--- Given information ---

(* Let $G$ be a group with identity $1_G$ and inverse map $\pi:G\to G$, $\pi(g)=g^{-1}$. Suppose $B_1,B_2:G\to G$ are maps such that $(G,B_1,B_2)$ is a Rota-Baxter system of groups and $B_1(1_G)=B_2(1_G)=1_G$. Let $\widetilde{B_1},\widetilde{B_2}:\mathbb{F}[G]\to\mathbb{F}[G]$ be the unique linear maps extending $B_1$ and $\pi\circ B_2$ respectively, i.e. $\widetilde{B_1}(\sum\alpha_i g_i)=\sum\alpha_i B_1(g_i)$ and $\widetilde{B_2}(\sum\alpha_i g_i)=\sum \alpha_i B_2(g_i)^{-1}$. Then $(\mathbb{F}[G],\widetilde{B_1},\widetilde{B_2})$ is a Rota-Baxter system of Hopf algebras.
   Context: $\mathbb{F}$ is a field of characteristic $0$. $\mathbb{F}[G]$ is the group algebra with its standard Hopf algebra structure ($\Delta(g)=g\otimes g$, $\epsilon(g)=1$, $S(g)=g^{-1}$ for $g\in G$). A Rota-Baxter system of groups is a group $G$ with maps $B_1,B_2:G\to G$ such that for all $a,b\in G$: $B_1(a)B_1(b)=B_1(B_1(a)\,b\,B_2(a))$ and $B_2(b)B_2(a)=B_2(B_1(a)\,b\,B_2(a))$. Sweedler notation $\Delta(a)=a_1\otimes a_2$. A Rota-Baxter system of Hopf algebras is a triple $(H,B_1,B_2)$ where $(H,\cdot,1,\Delta,\epsilon,S)$ is a cocommutative Hopf algebra and $B_1,B_2:H\to H$ are coalgebra homomorphisms (i.e. $\Delta(B_i(a))=B_i(a_1)\otimes B_i(a_2)$, $\epsilon(B_i(a))=\epsilon(a)$) with $B_1(1)=B_2(1)=1$ such that for all $a,b\in H$: $B_1(a)B_1(b)=B_1(B_1(a_1)\,b\,S(B_2(a_2)))$ and $B_2(a)B_2(b)=B_2(B_1(a_1)\,b\,S(B_2(a_2)))$. *)

(* The group algebra F[G] of an arbitrary (possibly infinite)
   group G is represented by multinomials' {malg F[G]}: finitely supported
   functions G -> F, i.e. the free F-vector space on G (as an lmodType).
   Its algebra / Hopf structure is defined below by hand from the group law
   (monalg's own ring structure needs a "monomType", which excludes groups). *)
From HB Require Import structures.
From mathcomp Require Import all_boot all_order all_algebra.
From mathcomp Require Import finmap.
From mathcomp.multinomials Require Import monalg.

Set Implicit Arguments.
Unset Strict Implicit.
Unset Printing Implicit Defensive.

Import GRing.Theory.
Local Open Scope ring_scope.
Local Open Scope fset_scope.

Section GroupAlgebra.
Variables (F : fieldType) (G : choiceType).
Variables (mul : G -> G -> G) (one : G) (inv : G -> G).

Notation H := {malg F[G]}.
Notation H2 := {malg F[(G * G)%type]}.  (* F[G x G] = F[G] (x) F[G] *)

Definition gbase (g : G) : H := << g >>.

Definition galg_mul (a b : H) : H :=
  \sum_(x <- msupp a) \sum_(y <- msupp b) << a@_x * b@_y *g mul x y >>.

Definition galg_one : H := << one >>.

Definition lin_ext (f : G -> G) (a : H) : H :=
  \sum_(x <- msupp a) << a@_x *g f x >>.

Definition galg_comul (a : H) : H2 :=
  \sum_(x <- msupp a) << a@_x *g (x, x) >>.

Definition galg_counit (a : H) : F := \sum_(x <- msupp a) a@_x.

Definition galg_antipode (a : H) : H := lin_ext inv a.

Definition gtens (u v : H) : H2 :=
  \sum_(x <- msupp u) \sum_(y <- msupp v) << u@_x * v@_y *g (x, y) >>.

(* the linear map F[G] (x) F[G] -> V induced by a bilinear map phi
   (universal property of the tensor product): x (x) y |-> phi x y *)
Definition tens_lift (V : lmodType F) (phi : H -> H -> V) (t : H2) : V :=
  \sum_(p <- msupp t) t@_p *: phi (gbase p.1) (gbase p.2).

Definition RB_system_group (B1 B2 : G -> G) : Prop :=
  (forall a b, mul (B1 a) (B1 b) = B1 (mul (mul (B1 a) b) (B2 a))) /\
  (forall a b, mul (B2 b) (B2 a) = B2 (mul (mul (B1 a) b) (B2 a))).

(* (F[G], B1, B2) is a Rota-Baxter system of Hopf algebras, F[G] carrying
   its standard (cocommutative) Hopf algebra structure.
   Sweedler expressions f(a_1, a_2) are written tens_lift f (Delta a). *)
Definition coalg_hom (B : H -> H) : Prop :=
  [/\ linear B,
      forall a, galg_comul (B a) =
                tens_lift (fun x y => gtens (B x) (B y)) (galg_comul a)
    & forall a, galg_counit (B a) = galg_counit a].

Definition RB_system_Hopf (B1 B2 : H -> H) : Prop :=
  [/\ coalg_hom B1, coalg_hom B2,
      B1 galg_one = galg_one /\ B2 galg_one = galg_one,
      forall a b, galg_mul (B1 a) (B1 b) =
        B1 (tens_lift (fun x y => galg_mul (galg_mul (B1 x) b)
                                           (galg_antipode (B2 y)))
                      (galg_comul a))
    & forall a b, galg_mul (B2 a) (B2 b) =
        B2 (tens_lift (fun x y => galg_mul (galg_mul (B1 x) b)
                                           (galg_antipode (B2 y)))
                      (galg_comul a))].

End GroupAlgebra.

From HB Require Import structures.
From mathcomp Require Import all_boot all_order all_algebra.
From mathcomp Require Import finmap.
From mathcomp.multinomials Require Import monalg.
Import GRing.Theory.
Local Open Scope ring_scope.

Set Implicit Arguments.
Unset Strict Implicit.
Unset Printing Implicit Defensive.

(* All maps in sight are linear, so every identity can be checked on the basis
   G of F[G].  A basis element g is group-like (Delta g = g (x) g, epsilon g = 1),
   hence the linear extension of any map G -> G is a coalgebra morphism, and
   the Sweedler expression in the Rota-Baxter identities collapses at a = g.
   On basis elements g, h the two identities then read
     B1(g) B1(h) = B1(B1(g) h B2(g)),
     B2(g)^-1 B2(h)^-1 = (B2(h) B2(g))^-1 = B2(B1(g) h B2(g))^-1,
   which are the Rota-Baxter axioms of the group. *)

Lemma linear_comp (R : nzRingType) (U V W : lmodType R) (f : V -> W) (g : U -> V) :
  linear f -> linear g -> linear (fun u => f (g u)).
Proof. by move=> fL gL c u v; rewrite gL fL. Qed.

Lemma linear_sumZ (R : nzRingType) (V W : lmodType R) (f : V -> W)
    (I : Type) (r : seq I) (c : I -> R) (v : I -> V) :
  linear f -> f (\sum_(i <- r) c i *: v i) = \sum_(i <- r) c i *: f (v i).
Proof.
move=> fL; elim: r => [|i r IHr]; last by rewrite !big_cons fL IHr.
by rewrite !big_nil -(subrr (0 : V)) (zmod_morphism_linear fL) subrr.
Qed.

Section MalgLift.
Variables (R : nzRingType) (K : choiceType).
Implicit Types (V : lmodType R) (a : {malg R[K]}).

Definition malg_lift V (phi : K -> V) a : V := \sum_(k <- msupp a) a@_k *: phi k.

Lemma malg_liftEw V (phi : K -> V) a (d : {fset K}) :
  (msupp a `<=` d)%fset -> malg_lift phi a = \sum_(k <- d) a@_k *: phi k.
Proof.
move=> le_ad; rewrite /malg_lift (big_fset_incl _ le_ad) // => k _ /mcoeff_outdom ->.
by rewrite scale0r.
Qed.

Lemma malg_lift_linear V (phi : K -> V) : linear (malg_lift phi).
Proof.
move=> c u v; set d := (msupp u `|` msupp v `|` msupp (c *: u + v))%fset.
rewrite !(@malg_liftEw _ _ _ d) /d ?fsubsetUr //; last first.
- by rewrite -fsetUA fsubsetUl.
- by rewrite fsubsetU // fsubsetUr.
rewrite scaler_sumr -big_split; apply: eq_bigr => k _.
by rewrite mcoeffD mcoeffZ scalerDl scalerA.
Qed.

Lemma malg_liftU V (phi : K -> V) k : malg_lift phi << k >> = phi k.
Proof. by rewrite /malg_lift msuppU oner_eq0 big_seq_fset1 mcoeffUU scale1r. Qed.

Lemma monalgUZ (c : R) (k : K) : << c *g k >> = c *: (<< k >> : {malg R[K]}).
Proof.
by apply/malgP => k'; rewrite mcoeffZ !mcoeffU; case: eqP; rewrite ?mulr1 ?mulr0.
Qed.

Lemma linear_malgE V (f : {malg R[K]} -> V) a :
  linear f -> f a = malg_lift (fun k => f << k >>) a.
Proof.
move=> fL; rewrite {1}[a]monalgE.
by under eq_bigr do rewrite monalgUZ; rewrite linear_sumZ.
Qed.

Lemma eq_linear_malg V (f g : {malg R[K]} -> V) :
  linear f -> linear g -> (forall k, f << k >> = g << k >>) -> f =1 g.
Proof.
move=> fL gL fg a; rewrite (linear_malgE a fL) (linear_malgE a gL).
by apply: eq_bigr => k _; rewrite fg.
Qed.

End MalgLift.

Section MalgBilift.
Variables (R : comNzRingType) (K1 K2 K : choiceType) (m : K1 -> K2 -> K).
Implicit Types (a : {malg R[K1]}) (b : {malg R[K2]}).

Definition malg_bilift a b : {malg R[K]} :=
  \sum_(x <- msupp a) \sum_(y <- msupp b) << a@_x * b@_y *g m x y >>.

Lemma malg_biliftEl a b :
  malg_bilift a b = malg_lift (fun x => malg_lift (fun y => << m x y >>) b) a.
Proof.
apply: eq_bigr => x _; rewrite scaler_sumr.
by apply: eq_bigr => y _; rewrite monalgUZ scalerA.
Qed.

Lemma malg_biliftEr a b :
  malg_bilift a b = malg_lift (fun y => malg_lift (fun x => << m x y >>) a) b.
Proof.
rewrite /malg_bilift exchange_big; apply: eq_bigr => y _; rewrite scaler_sumr.
by apply: eq_bigr => x _; rewrite monalgUZ scalerA mulrC.
Qed.

Lemma malg_bilift_linearl b : linear (malg_bilift^~ b).
Proof. by move=> c u v; rewrite !malg_biliftEl malg_lift_linear. Qed.

Lemma malg_bilift_linearr a : linear (malg_bilift a).
Proof. by move=> c u v; rewrite !malg_biliftEr malg_lift_linear. Qed.

Lemma malg_biliftUU x y : malg_bilift << x >> << y >> = << m x y >>.
Proof. by rewrite malg_biliftEl !malg_liftU. Qed.

End MalgBilift.

Section GroupAlgebra.
Variables (F : fieldType) (G : choiceType).
Variables (mul : G -> G -> G) (inv : G -> G).
Notation H := {malg F[G]}.

Lemma lin_extE (f : G -> G) (a : H) : lin_ext f a = malg_lift (fun g => << f g >>) a.
Proof. by apply: eq_bigr => g _; rewrite monalgUZ. Qed.

Lemma lin_ext_linear (f : G -> G) : linear (lin_ext (F:=F) f).
Proof. by move=> c u v; rewrite !lin_extE malg_lift_linear. Qed.

Lemma lin_extU (f : G -> G) g : lin_ext (F:=F) f << g >> = << f g >>.
Proof. by rewrite lin_extE malg_liftU. Qed.

Lemma galg_comulE (a : H) : galg_comul a = malg_lift (fun g => << (g, g) >>) a.
Proof. by apply: eq_bigr => g _; rewrite monalgUZ. Qed.

Lemma galg_comul_linear : linear (@galg_comul F G).
Proof. by move=> c u v; rewrite !galg_comulE malg_lift_linear. Qed.

Lemma galg_comulU g : galg_comul (<< g >> : H) = << (g, g) >>.
Proof. by rewrite galg_comulE malg_liftU. Qed.

Lemma galg_counitE (a : H) : galg_counit a = malg_lift (fun=> 1 : F^o) a.
Proof. by apply: eq_bigr => g _; rewrite [_ *: _]mulr1. Qed.

Lemma galg_counit_linear : linear (fun a : H => galg_counit a : F^o).
Proof. by move=> c u v; rewrite !galg_counitE malg_lift_linear. Qed.

Lemma galg_counitU g : galg_counit (<< g >> : H) = 1.
Proof. by rewrite galg_counitE malg_liftU. Qed.

Lemma tens_lift_linear (V : lmodType F) (phi : H -> H -> V) : linear (tens_lift phi).
Proof. exact: malg_lift_linear. Qed.

Lemma tens_liftU (V : lmodType F) (phi : H -> H -> V) g h :
  tens_lift phi << (g, h) >> = phi << g >> << h >>.
Proof. exact: malg_liftU. Qed.

Lemma galg_mul_linearl (b : H) : linear (galg_mul mul ^~ b).
Proof. exact: malg_bilift_linearl. Qed.

Lemma galg_mul_linearr (a : H) : linear (galg_mul mul a).
Proof. exact: malg_bilift_linearr. Qed.

Lemma galg_mulUU g h : galg_mul mul (<< g >> : H) << h >> = << mul g h >>.
Proof. exact: malg_biliftUU. Qed.

Lemma gtensUU g h : gtens (<< g >> : H) << h >> = << (g, h) >>.
Proof. exact: malg_biliftUU. Qed.

Lemma coalg_hom_lin_ext (f : G -> G) : coalg_hom (lin_ext (F:=F) f).
Proof.
split=> [|a|a]; first exact: lin_ext_linear.
- move: a; apply: eq_linear_malg => [||g].
  + exact: linear_comp galg_comul_linear (lin_ext_linear f).
  + exact: linear_comp (tens_lift_linear _) galg_comul_linear.
  by rewrite lin_extU !galg_comulU tens_liftU !lin_extU gtensUU.
- move: a; apply: (@eq_linear_malg _ _ F^o) => [||g].
  + exact: linear_comp galg_counit_linear (lin_ext_linear f).
  + exact: galg_counit_linear.
  by rewrite lin_extU !galg_counitU.
Qed.

Lemma lin_ext_RB (B1 B2 C : G -> G) :
    (forall g h, mul (C g) (C h) = C (mul (mul (B1 g) h) (inv (B2 g)))) ->
  forall a b : H, galg_mul mul (lin_ext C a) (lin_ext C b) =
    lin_ext C (tens_lift (fun x y => galg_mul mul (galg_mul mul (lin_ext B1 x) b)
                                              (galg_antipode inv (lin_ext B2 y)))
                         (galg_comul a)).
Proof.
move=> CM a b; move: a; apply: eq_linear_malg => [||g].
- exact: linear_comp (galg_mul_linearl _) (lin_ext_linear C).
- exact: linear_comp (lin_ext_linear C)
    (linear_comp (tens_lift_linear _) galg_comul_linear).
rewrite galg_comulU tens_liftU /galg_antipode !lin_extU.
move: b; apply: eq_linear_malg => [||h].
- exact: linear_comp (galg_mul_linearr _) (lin_ext_linear C).
- exact: linear_comp (lin_ext_linear C)
    (linear_comp (galg_mul_linearl _) (galg_mul_linearr _)).
by rewrite !lin_extU !galg_mulUU lin_extU CM.
Qed.

End GroupAlgebra.

Section GroupInverse.
Variables (G : Type) (mul : G -> G -> G) (one : G) (inv : G -> G).
Hypotheses (mulA : associative mul) (mul1g : left_id one mul)
  (mulg1 : right_id one mul) (mulVg : left_inverse one inv mul)
  (mulgV : right_inverse one inv mul).

Lemma inv_unique g h : mul g h = one -> h = inv g.
Proof. by move=> gh1; rewrite -[h]mul1g -(mulVg g) -mulA gh1 mulg1. Qed.

Lemma inv1 : inv one = one.
Proof. by apply/esym/inv_unique; rewrite mul1g. Qed.

Lemma invK : involutive inv.
Proof. by move=> g; apply/esym/inv_unique; rewrite mulVg. Qed.

Lemma invM g h : inv (mul g h) = mul (inv h) (inv g).
Proof. by apply/esym/inv_unique; rewrite -mulA (mulA h) mulgV mul1g mulgV. Qed.

End GroupInverse.

Theorem mainTheorem2 (F : fieldType) (charF0 : [pchar F] =i pred0)
  (G : choiceType) (mul : G -> G -> G) (one : G) (inv : G -> G)
  (mulA : associative mul) (mul1g : left_id one mul) (mulg1 : right_id one mul)
  (mulVg : left_inverse one inv mul) (mulgV : right_inverse one inv mul)
  (B1 B2 : G -> G)
  (hRB : RB_system_group mul B1 B2) (hB1 : B1 one = one) (hB2 : B2 one = one) :
  RB_system_Hopf (F:=F) mul one inv
    (lin_ext (F:=F) B1) (lin_ext (F:=F) (fun g => inv (B2 g))).
Proof.
case: hRB => B1M B2M.
have invgK := invK mulA mul1g mulg1 mulVg.
split.
- exact: coalg_hom_lin_ext.
- exact: coalg_hom_lin_ext.
- by rewrite /galg_one !lin_extU hB1 hB2 (inv1 mulA mul1g mulg1 mulVg).
- by apply: lin_ext_RB => g h; rewrite invgK B1M.
- apply: lin_ext_RB => g h.
  by rewrite invgK -B2M (invM mulA mul1g mulg1 mulVg mulgV).
Qed.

--- Problem requirements ---
Of all the entries above, retype exactly the lines from the line with "Lemma malg_biliftUU x" to the line with "Proof. by rewrite galg_counitE", both included, and no others.

--- Your solution ---
Lemma malg_biliftUU x y : malg_bilift << x >> << y >> = << m x y >>.
Proof. by rewrite malg_biliftEl !malg_liftU. Qed.

End MalgBilift.

Section GroupAlgebra.
Variables (F : fieldType) (G : choiceType).
Variables (mul : G -> G -> G) (inv : G -> G).
Notation H := {malg F[G]}.

Lemma lin_extE (f : G -> G) (a : H) : lin_ext f a = malg_lift (fun g => << f g >>) a.
Proof. by apply: eq_bigr => g _; rewrite monalgUZ. Qed.

Lemma lin_ext_linear (f : G -> G) : linear (lin_ext (F:=F) f).
Proof. by move=> c u v; rewrite !lin_extE malg_lift_linear. Qed.

Lemma lin_extU (f : G -> G) g : lin_ext (F:=F) f << g >> = << f g >>.
Proof. by rewrite lin_extE malg_liftU. Qed.

Lemma galg_comulE (a : H) : galg_comul a = malg_lift (fun g => << (g, g) >>) a.
Proof. by apply: eq_bigr => g _; rewrite monalgUZ. Qed.

Lemma galg_comul_linear : linear (@galg_comul F G).
Proof. by move=> c u v; rewrite !galg_comulE malg_lift_linear. Qed.

Lemma galg_comulU g : galg_comul (<< g >> : H) = << (g, g) >>.
Proof. by rewrite galg_comulE malg_liftU. Qed.

Lemma galg_counitE (a : H) : galg_counit a = malg_lift (fun=> 1 : F^o) a.
Proof. by apply: eq_bigr => g _; rewrite [_ *: _]mulr1. Qed.

Lemma galg_counit_linear : linear (fun a : H => galg_counit a : F^o).
Proof. by move=> c u v; rewrite !galg_counitE malg_lift_linear. Qed.

Lemma galg_counitU g : galg_counit (<< g >> : H) = 1.
Proof. by rewrite galg_counitE malg_liftU. Qed.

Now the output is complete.